» What you have to do
Quote the entries below from the line with "Lemma flow_upper : 0 < y2 t." through the line with "pose proof flow_angle_in_chamber", both ends included, and only those lines.

» Given entries
(* Let $y(t)=e^{i\theta(t)}\in C$ be the solution of the spherical mean curvature flow $y'(t)=H^S(y(t))$ with $y(0)=e^{i\theta_0}$, $0<\theta_0<\pi/g$. Then, on its interval of existence, $$\cos g\theta(t)=e^{gnt}\{\cos g\theta_0+\delta\}-\delta.$$
   Context: Let $M^n$ be a compact isoparametric hypersurface in the unit sphere $S^{n+1}\subset\mathbb{R}^{n+2}$ (constant principal curvatures) with $g$ distinct principal curvatures; then $g\in\{1,2,3,4,6\}$. Fix $x_0\in M$ and identify the 2-dimensional normal space $\nu_{x_0}M$ of $M$ in $\mathbb{R}^{n+2}$ with $\mathbb{C}$ so that the two focal submanifolds $M_+$, $M_-$ ($\dim M_+\le\dim M_-$) meet the normal circle at $1$ and $e^{i\pi/g}$. The Weyl chamber is $C=\{re^{i\theta}:r>0,\ 0<\theta<\pi/g\}$. The multiplicity data is $(m_1,m_2)$, $m_1\le m_2$, with $m_1=m_2$ if $g$ is odd and $(m_1+m_2)g=2n$. For $x\in C$, $M_x$ is the submanifold of $\mathbb{R}^{n+2}$ parallel to $M$ through $x$, and $H^S(x)$ is its mean curvature vector at $x$ as a hypersurface of $S^{n+1}(|x|)$, which equals $-\frac{n}{r}ie^{i\theta}\{\cot g\theta+\delta\csc g\theta\}$ for $x=re^{i\theta}$. The spherical MCF of $M_{y(0)}$ is the family $M_{y(t)}$. Set $\delta=(m_2-m_1)/(m_2+m_1)$ if $g\ge2$ and $\delta=0$ if $g=1$. *)

(* real analysis with Stdlib Reals.
   Points of the normal plane nu_{x0} M ~ C are represented as pairs (x1,x2) : R*R,
   x1 + i x2. *)
From Stdlib Require Import Reals.
Open Scope R_scope.

Definition cmod (x : R * R) : R := sqrt (fst x * fst x + snd x * snd x).

(* the argument theta in (0, pi) of a point with positive imaginary part *)
Definition carg (x : R * R) : R := acos (fst x / cmod x).

Definition in_chamber (g : nat) (x : R * R) : Prop :=
  0 < snd x /\ 0 < carg x < PI / INR g.

Definition delta (g m1 m2 : nat) : R :=
  if (g <=? 1)%nat then 0 else (INR m2 - INR m1) / (INR m2 + INR m1).

(* H^S(x) = -(n/r) i e^{i theta} { cot(g theta) + delta csc(g theta) },  x = r e^{i theta}.
   Since i e^{i theta} = (-sin theta, cos theta), this is the pair below. *)
Definition HS (g m1 m2 n : nat) (x : R * R) : R * R :=
  let r := cmod x in
  let th := carg x in
  let K := cos (INR g * th) / sin (INR g * th) + delta g m1 m2 / sin (INR g * th) in
  ( INR n / r * K * sin th , - (INR n / r * K * cos th) ).

Definition admissible_data (g m1 m2 n : nat) : Prop :=
  (g = 1 \/ g = 2 \/ g = 3 \/ g = 4 \/ g = 6)%nat /\
  (1 <= m1)%nat /\ (m1 <= m2)%nat /\
  (Nat.odd g = true -> m1 = m2) /\
  ((m1 + m2) * g = 2 * n)%nat.

(* Along the flow |y| stays 1, because H^S(y) is orthogonal to y.  On the unit
   circle the angle theta = acos y1 obeys theta' = -n (cos g theta + delta) / sin g theta,
   so u = cos g theta + delta satisfies the linear equation u' = g n u, whence
   u(t) = e^{g n t} u(0). *)
From Stdlib Require Import Reals Lra.
Open Scope R_scope.

Lemma derivable_pt_lim_acos x :
  -1 < x < 1 -> derivable_pt_lim acos x (-1 / sqrt (1 - x²)).
Proof. intro Hx; exact (derive_pt_eq_1 _ _ _ _ (derive_pt_acos x Hx)). Qed.

Lemma null_derivative_on_interval (f : R -> R) a b :
  (forall x, a < x < b -> derivable_pt_lim f x 0) ->
  forall s t, a < s < b -> a < t < b -> f s = f t.
Proof.
  intros Hf.
  assert (Hlt : forall s t, a < s < b -> a < t < b -> s < t -> f s = f t).
  { intros s t Hs Ht Hst.
    destruct (MVT_cor2 f (fun _ => 0) s t Hst) as [c [Hc _]].
    - intros c Hc; apply Hf; lra.
    - lra. }
  intros s t Hs Ht; destruct (Rtotal_order s t) as [Hst|[->|Hts]].
  - exact (Hlt s t Hs Ht Hst).
  - reflexivity.
  - symmetry; exact (Hlt t s Ht Hs Hts).
Qed.

Lemma linear_ode_solution (u : R -> R) c a b :
  a < 0 < b ->
  (forall x, a < x < b -> derivable_pt_lim u x (c * u x)) ->
  forall t, a < t < b -> u t = exp (c * t) * u 0.
Proof.
  intros H0 Hu t Ht.
  assert (Hconst : u t * exp (- c * t) = u 0 * exp (- c * 0)).
  { apply (null_derivative_on_interval (fun s => u s * exp (- c * s)) a b);
      [|assumption|lra].
    intros x Hx.
    assert (Hlin : derivable_pt_lim (fun s => - c * s) x (- c)).
    { pose proof (derivable_pt_lim_scal id (- c) x 1 (derivable_pt_lim_id x)) as Hs.
      unfold mult_real_fct, id in Hs; rewrite Rmult_1_r in Hs; exact Hs. }
    assert (Hexp := derivable_pt_lim_comp _ exp _ _ _ Hlin (derivable_pt_lim_exp _)).
    assert (Hprod := derivable_pt_lim_mult _ _ _ _ _ (Hu x Hx) Hexp).
    unfold mult_fct, comp in Hprod; simpl in Hprod.
    replace 0 with (c * u x * exp (- c * x) + u x * (exp (- c * x) * - c)) by ring.
    exact Hprod. }
  rewrite Rmult_0_r, exp_0, Rmult_1_r in Hconst.
  rewrite <- Hconst, (Rmult_comm (u t)), <- Rmult_assoc, <- exp_plus.
  replace (c * t + - c * t) with 0 by ring.
  rewrite exp_0; ring.
Qed.

Section Chamber_geometry.

Variable x : R * R.
Hypothesis upper : 0 < snd x.

Lemma cmod_pos : 0 < cmod x.
Proof. unfold cmod; apply sqrt_lt_R0; nra. Qed.

Lemma cmod_sqr : cmod x * cmod x = fst x * fst x + snd x * snd x.
Proof. unfold cmod; apply sqrt_sqrt; nra. Qed.

Lemma cos_carg : cos (carg x) = fst x / cmod x.
Proof.
  pose proof cmod_pos; pose proof cmod_sqr.
  unfold carg; apply cos_acos.
  assert (Hq : (fst x / cmod x) * (fst x / cmod x) <= 1).
  { replace ((fst x / cmod x) * (fst x / cmod x))
      with (fst x * fst x / (cmod x * cmod x)) by (field; lra).
    apply Rmult_le_reg_r with (cmod x * cmod x); [nra|].
    unfold Rdiv; rewrite Rmult_assoc, Rinv_l by nra; nra. }
  split; nra.
Qed.

Lemma sin_carg : sin (carg x) = snd x / cmod x.
Proof.
  pose proof cmod_pos; pose proof cmod_sqr.
  assert (Hsin : 0 <= sin (carg x)).
  { apply sin_ge_0; unfold carg; apply acos_bound. }
  assert (Hsq : sin (carg x) * sin (carg x) = (snd x / cmod x) * (snd x / cmod x)).
  { pose proof (sin2_cos2 (carg x)) as Hpyth; unfold Rsqr in Hpyth.
    rewrite cos_carg in Hpyth.
    apply Rmult_eq_reg_r with (cmod x * cmod x); [|nra].
    replace (snd x / cmod x * (snd x / cmod x) * (cmod x * cmod x))
      with (snd x * snd x) by (field; lra).
    replace (sin (carg x) * sin (carg x))
      with (1 - fst x / cmod x * (fst x / cmod x)) by lra.
    field_simplify; [lra|lra]. }
  assert (0 < snd x / cmod x) by (apply Rdiv_lt_0_compat; lra).
  nra.
Qed.

Lemma HS_orthogonal g m1 m2 n :
  fst x * fst (HS g m1 m2 n x) + snd x * snd (HS g m1 m2 n x) = 0.
Proof. unfold HS; simpl; rewrite cos_carg, sin_carg; unfold Rdiv; ring. Qed.

End Chamber_geometry.

Lemma carg_unit x : cmod x = 1 -> carg x = acos (fst x).
Proof. intro H; unfold carg; rewrite H, Rdiv_1_r; reflexivity. Qed.

Section Spherical_flow.

Context {g m1 m2 n : nat} {a b : R} {y1 y2 : R -> R}.
Hypothesis chamber : forall t, a < t < b -> in_chamber g (y1 t, y2 t).
Hypothesis flow : forall t, a < t < b ->
  derivable_pt_lim y1 t (fst (HS g m1 m2 n (y1 t, y2 t))) /\
  derivable_pt_lim y2 t (snd (HS g m1 m2 n (y1 t, y2 t))).

Lemma flow_modulus_constant s t : a < s < b -> a < t < b ->
  y1 s * y1 s + y2 s * y2 s = y1 t * y1 t + y2 t * y2 t.
Proof.
  apply (null_derivative_on_interval (fun s => y1 s * y1 s + y2 s * y2 s)).
  intros x Hx; destruct (flow x Hx) as [D1 D2].
  assert (Horth := HS_orthogonal (y1 x, y2 x) (proj1 (chamber x Hx)) g m1 m2 n).
  assert (Hd := derivable_pt_lim_plus _ _ _ _ _
    (derivable_pt_lim_mult _ _ _ _ _ D1 D1) (derivable_pt_lim_mult _ _ _ _ _ D2 D2)).
  cbn [fst snd] in Horth; set (h := HS g m1 m2 n (y1 x, y2 x)) in *.
  replace 0 with (fst h * y1 x + y1 x * fst h + (snd h * y2 x + y2 x * snd h)) by lra.
  exact Hd.
Qed.

Hypothesis on_unit_circle : forall t, a < t < b -> y1 t * y1 t + y2 t * y2 t = 1.
Hypothesis g_pos : 0 < INR g.

Section At_time.

Variable t : R.
Hypothesis interval : a < t < b.

Lemma flow_upper : 0 < y2 t.
Proof. exact (proj1 (chamber t interval)). Qed.

Lemma flow_first_coord_bound : -1 < y1 t < 1.
Proof. pose proof flow_upper; pose proof (on_unit_circle t interval); split; nra. Qed.

Lemma flow_cmod : cmod (y1 t, y2 t) = 1.
Proof. unfold cmod; simpl; rewrite (on_unit_circle t interval); exact sqrt_1. Qed.

Lemma flow_carg : carg (y1 t, y2 t) = acos (y1 t).
Proof. exact (carg_unit _ flow_cmod). Qed.

Lemma flow_sqrt_eq : sqrt (1 - (y1 t)²) = y2 t.
Proof.
  pose proof flow_upper; pose proof (on_unit_circle t interval).
  replace (1 - (y1 t)²) with (y2 t)² by (unfold Rsqr; lra).
  apply sqrt_Rsqr; lra.
Qed.

Lemma flow_angle_in_chamber : 0 < acos (y1 t) < PI / INR g.
Proof. rewrite <- flow_carg; exact (proj2 (chamber t interval)). Qed.

Lemma flow_sin_g_angle_pos : 0 < sin (INR g * acos (y1 t)).
Proof.
  pose proof flow_angle_in_chamber as [H0 Hpi].
  apply sin_gt_0; [nra|].
  replace PI with (INR g * (PI / INR g)) by (field; lra).
  apply Rmult_lt_compat_l; assumption.
Qed.

Lemma flow_HS_fst : fst (HS g m1 m2 n (y1 t, y2 t)) =
  INR n * (cos (INR g * acos (y1 t)) + delta g m1 m2) / sin (INR g * acos (y1 t)) * y2 t.
Proof.
  pose proof (flow_sin_g_angle_pos).
  unfold HS; simpl; rewrite flow_cmod, flow_carg, sin_acos, flow_sqrt_eq.
  - field; lra.
  - pose proof flow_first_coord_bound; lra.
Qed.

Lemma flow_angle_derivative :
  derivable_pt_lim (fun s => acos (y1 s)) t
    (- INR n * (cos (INR g * acos (y1 t)) + delta g m1 m2) / sin (INR g * acos (y1 t))).
Proof.
  pose proof flow_upper; pose proof flow_sin_g_angle_pos.
  assert (Hd := derivable_pt_lim_comp _ _ _ _ _ (proj1 (flow t interval))
                  (derivable_pt_lim_acos _ flow_first_coord_bound)).
  rewrite flow_sqrt_eq, flow_HS_fst in Hd; unfold comp in Hd.
  replace (- INR n * _ / _) with
    (-1 / y2 t * (INR n * (cos (INR g * acos (y1 t)) + delta g m1 m2)
                  / sin (INR g * acos (y1 t)) * y2 t)) by (field; lra).
  exact Hd.
Qed.

Lemma flow_cos_g_angle_derivative :
  derivable_pt_lim (fun s => cos (INR g * acos (y1 s)) + delta g m1 m2) t
    (INR g * INR n * (cos (INR g * acos (y1 t)) + delta g m1 m2)).
Proof.
  pose proof flow_sin_g_angle_pos.
  assert (Hgangle := derivable_pt_lim_scal _ (INR g) _ _ flow_angle_derivative).
  assert (Hcos := derivable_pt_lim_comp _ _ _ _ _ Hgangle (derivable_pt_lim_cos _)).
  assert (Hd := derivable_pt_lim_plus _ _ _ _ _ Hcos
                  (derivable_pt_lim_const (delta g m1 m2) t)).
  unfold plus_fct, comp, mult_real_fct in Hd.
  replace (INR g * INR n * _) with
    (- sin (INR g * acos (y1 t)) * (INR g * (- INR n * (cos (INR g * acos (y1 t))
       + delta g m1 m2) / sin (INR g * acos (y1 t)))) + 0) by (field; lra).
  exact Hd.
Qed.

End At_time.
End Spherical_flow.

Lemma admissible_data_g_ge_1 g m1 m2 n : admissible_data g m1 m2 n -> 1 <= INR g.
Proof.
  intros [Hg _]; apply (le_INR 1).
  destruct Hg as [->|[->|[->|[->| ->]]]]; auto with arith.
Qed.

Theorem proposition4p3 (g m1 m2 n : nat) (theta0 a b : R) (y1 y2 : R -> R) :
  admissible_data g m1 m2 n ->
  0 < theta0 < PI / INR g ->
  a < 0 < b ->
  y1 0 = cos theta0 -> y2 0 = sin theta0 ->
  (forall t, a < t < b -> in_chamber g (y1 t, y2 t)) ->
  (forall t, a < t < b ->
     derivable_pt_lim y1 t (fst (HS g m1 m2 n (y1 t, y2 t))) /\
     derivable_pt_lim y2 t (snd (HS g m1 m2 n (y1 t, y2 t)))) ->
  forall t, a < t < b ->
    exists theta : R,
      0 < theta < PI / INR g /\
      y1 t = cos theta /\ y2 t = sin theta /\
      cos (INR g * theta) =
        exp (INR g * INR n * t) * (cos (INR g * theta0) + delta g m1 m2)
        - delta g m1 m2.
Proof.
  intros Hadm Hth0 Hab Hy10 Hy20 Hch Hflow t Ht.
  assert (Hg := admissible_data_g_ge_1 _ _ _ _ Hadm).
  assert (Hcircle : forall s, a < s < b -> y1 s * y1 s + y2 s * y2 s = 1).
  { intros s Hs; rewrite (flow_modulus_constant Hch Hflow s 0 Hs Hab).
    rewrite Hy10, Hy20, Rplus_comm; exact (sin2_cos2 theta0). }
  assert (Hth0_le_PI : theta0 <= PI).
  { apply Rle_trans with (PI / INR g); [lra|].
    apply Rmult_le_reg_r with (INR g); [lra|].
    unfold Rdiv; rewrite Rmult_assoc, Rinv_l by lra; pose proof PI_RGT_0; nra. }
  assert (Hu := linear_ode_solution _ _ a b Hab
    (flow_cos_g_angle_derivative Hch Hflow Hcircle ltac:(lra)) t Ht).
  cbv beta in Hu; rewrite Hy10, acos_cos in Hu by lra.
  pose proof (flow_first_coord_bound Hch Hcircle t Ht).
  exists (acos (y1 t)); split; [|split; [|split]].
  - exact (flow_angle_in_chamber Hch Hcircle t Ht).
  - rewrite cos_acos; lra.
  - rewrite sin_acos, (flow_sqrt_eq Hch Hcircle t Ht) by lra; reflexivity.
  - rewrite <- Hu; ring.
Qed.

» Result of the exercise
Lemma flow_upper : 0 < y2 t.
Proof. exact (proj1 (chamber t interval)). Qed.

Lemma flow_first_coord_bound : -1 < y1 t < 1.
Proof. pose proof flow_upper; pose proof (on_unit_circle t interval); split; nra. Qed.

Lemma flow_cmod : cmod (y1 t, y2 t) = 1.
Proof. unfold cmod; simpl; rewrite (on_unit_circle t interval); exact sqrt_1. Qed.

Lemma flow_carg : carg (y1 t, y2 t) = acos (y1 t).
Proof. exact (carg_unit _ flow_cmod). Qed.

Lemma flow_sqrt_eq : sqrt (1 - (y1 t)²) = y2 t.
Proof.
  pose proof flow_upper; pose proof (on_unit_circle t interval).
  replace (1 - (y1 t)²) with (y2 t)² by (unfold Rsqr; lra).
  apply sqrt_Rsqr; lra.
Qed.

Lemma flow_angle_in_chamber : 0 < acos (y1 t) < PI / INR g.
Proof. rewrite <- flow_carg; exact (proj2 (chamber t interval)). Qed.

Lemma flow_sin_g_angle_pos : 0 < sin (INR g * acos (y1 t)).
Proof.
  pose proof flow_angle_in_chamber as [H0 Hpi].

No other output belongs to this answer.